The GBB Epic Star fairway woods continue the lighter theme with a sub-50 gram version of the Grand Bassara shaft. Like the standard Epic fairway woods, they feature a cupface design where the face insert wraps around the crown and sole to provide better rebound. The lightweight carbon composite crown allows more mass to be distributed to the perimeter for more off-center hit forgiveness.
The GBB Epic Star hybrids use a forged 455 steel cupface for improved ball speeed, but provide more swing speed potential with a 50-gram Grand Bassara shaft that’s about 25 percent lighter than typical hybrid shafts. An internal, wave-like, metal-injection-molded tungsten weight pad lowers the center of gravity to improve launch.
The GBB Epic Star irons take their technology cue from the Epic irons, although with amendments geared to servicing the needs of slower swingers. They maintain the core technology of the Epic’s lightweight but stable structure that features a thin cupface supported by two rear beams that work somewhat like the support rods in the Epic driver.

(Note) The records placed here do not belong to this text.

Lemma flip_durfee n D al be :
  is_kDurfee k n D al be -> is_kDurfee k n D (flip_al al be) (flip_be al be).
Proof.
move=> dur; have mov := durfee_movable dur.
case/and5P: dur => /eqP al_size /eqP be_size al_part be_part.
case/and5P=> /eqP weight nonempty bounded interlaced last_le.
have p_al : p < size al by rewrite al_size.
have p_be : p < size be by rewrite be_size.
have a_part : is_partition (nth [::] al p) by apply: (allP al_part); apply: mem_nth.
have b_part : is_partition (nth [::] be p) by apply: (allP be_part); apply: mem_nth.
have b_le : p != k.-1 -> all (fun x => x <= lpart (nth [::] al p)) (nth [::] be p).
  by rewrite -p_ltn_last => p_lt; apply: (allP bounded); rewrite mem_iota.
have /andP[ab_part1 ab_part2] := flip_pair_partition mov a_part b_part b_le.
apply/and5P; split.
- by rewrite size_set_nth al_size (maxn_idPr p_lt_k).
- by rewrite size_set_nth be_size (maxn_idPr p_lt_k).
- exact: all_set_nth.
- exact: all_set_nth.
apply/and5P; split; first by rewrite flip_weight // weight.
- apply/allP => j; rewrite mem_iota => /andP[_ j_lt]; rewrite nth_set_nth /=.
  case: (j =P p) => [j_p|_]; first by subst j; rewrite ltn_eqF.
  by apply: (allP nonempty); rewrite mem_iota.
- apply/allP => j; rewrite mem_iota => /andP[_ j_lt]; rewrite lpart_flip_al // nth_set_nth /=.
  case: (j =P p) => [j_p|_]; last by apply: (allP bounded); rewrite mem_iota.
  by subst j; rewrite ltn_eqF //; apply: partition_behead.
- apply/allP => j j_in; have := allP interlaced j j_in.
  have j1_lt : j.-1 < k.-1.
    by move: j_in; rewrite mem_iota add1n => /andP[j_gt0 j_lt]; rewrite -ltnS prednK.
  by rewrite lpart_flip_al // flip_all_at.
by rewrite flip_all_at.
Qed.

Lemma flip_rank al be j : movable (p == k.-1) (nth [::] al p) ->
  rankD k (flip_al al be) (flip_be al be) j =
  (if j == p then - rankD k al be j else rankD k al be j)%R.
Proof.
move=> mov; rewrite /rankD !nth_set_nth /=; case: (j =P p) => // ->.
by rewrite p_ltn_last; apply: flip_pair_rank.
Qed.

Lemma flip_symbolK D al be : p < size al -> p < size be ->
  movable (p == k.-1) (nth [::] al p) ->
  flip_symbol (flip_symbol (D, al, be)) = (D, al, be).
Proof.
move=> p_al p_be mov.
rewrite [flip_symbol (D, al, be)]/= {1}/flip_symbol /flip_al /flip_be.
by rewrite !nth_set_nth_same (flip_pairK _ mov) !set_set_nth_same !set_nth_id.
Qed.

Lemma flip_durfee_ranks n (m m' : 'I_k -> int) :
  (forall i : 'I_k, m' i = if val i == p then (- m i)%R else m i) ->
  forall t, durfee_ranks n m t ->
  durfee_ranks n m' (flip_symbol t) /\ flip_symbol (flip_symbol t) = t.
Proof.
move=> m'E [[D al be]] /andP[dur /forallP ranks].
have mov := durfee_movable dur; have /and3P[/eqP al_size /eqP be_size _] := dur.
rewrite flip_symbolK ?al_size ?be_size //= flip_durfee //=.
by split=> //; apply/forallP => i; rewrite flip_rank // m'E (eqP (ranks i)).
Qed.

End FlipSymbol.

Local Open Scope ring_scope.

(* p : 'I_k is the 0-based index of the flipped rank (p+1 in the paper). *)
Theorem mainTheorem10 (k : nat) (hk : (1 <= k)%N) (p : 'I_k) (m : 'I_k -> int) (n : nat) :
  Dcount m n = Dcount (fun i : 'I_k => if i == p then - m i else m i) n.
Proof.
have durfee_mem (m0 : 'I_k -> int) (t : symbol) : durfee_ranks n m0 t -> t \in candidates k n.
  by case: t => [[D al be]] /andP[dur _]; apply: mem_candidates.
rewrite !DcountE; apply: (count_involution (f := flip_symbol k p)).
- exact: uniq_candidates.
- exact: durfee_mem.
- exact: durfee_mem.
- exact: (flip_durfee_ranks (ltn_ord p)).
- apply: (flip_durfee_ranks (ltn_ord p)) => i.
  by rewrite -[val i == _]/(i == p); case: eqP; rewrite ?opprK.
Qed.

The GBB Epic Star irons use longer lengths and stronger lofts to go with lighter weight to provide distance opportunities for those players lacking natural speed. The set starts at the 4-iron and the lengths stay consistently a half-inch longer compared to the standard Epic irons, while the lofts get progressively stronger through the set. That starts with an 18.5-degree 4-iron (two degrees stronger than the standard Epic) and continues with a 26-degree 7-iron (four degrees stronger than the standard Epic) and a 39-degree pitching wedge (five degrees stronger than the standard Epic).
The GBB Epic Star line’s use of lighter materials, particularly the high-end and ultralight Mitsubishi Grand Bassara shafts, also make for higher prices through the line. As such, they will be offered in limited quantities to select retailers and golf clubs.
The GBB Epic Star driver (10.5, 12 degrees; $700), fairway woods (15, 18, 21 degrees; $400 per club), hybrids (18, 20, 23 degrees; $300 per club) and irons (4-iron through sand wedge; $300 per club) will be available September 29.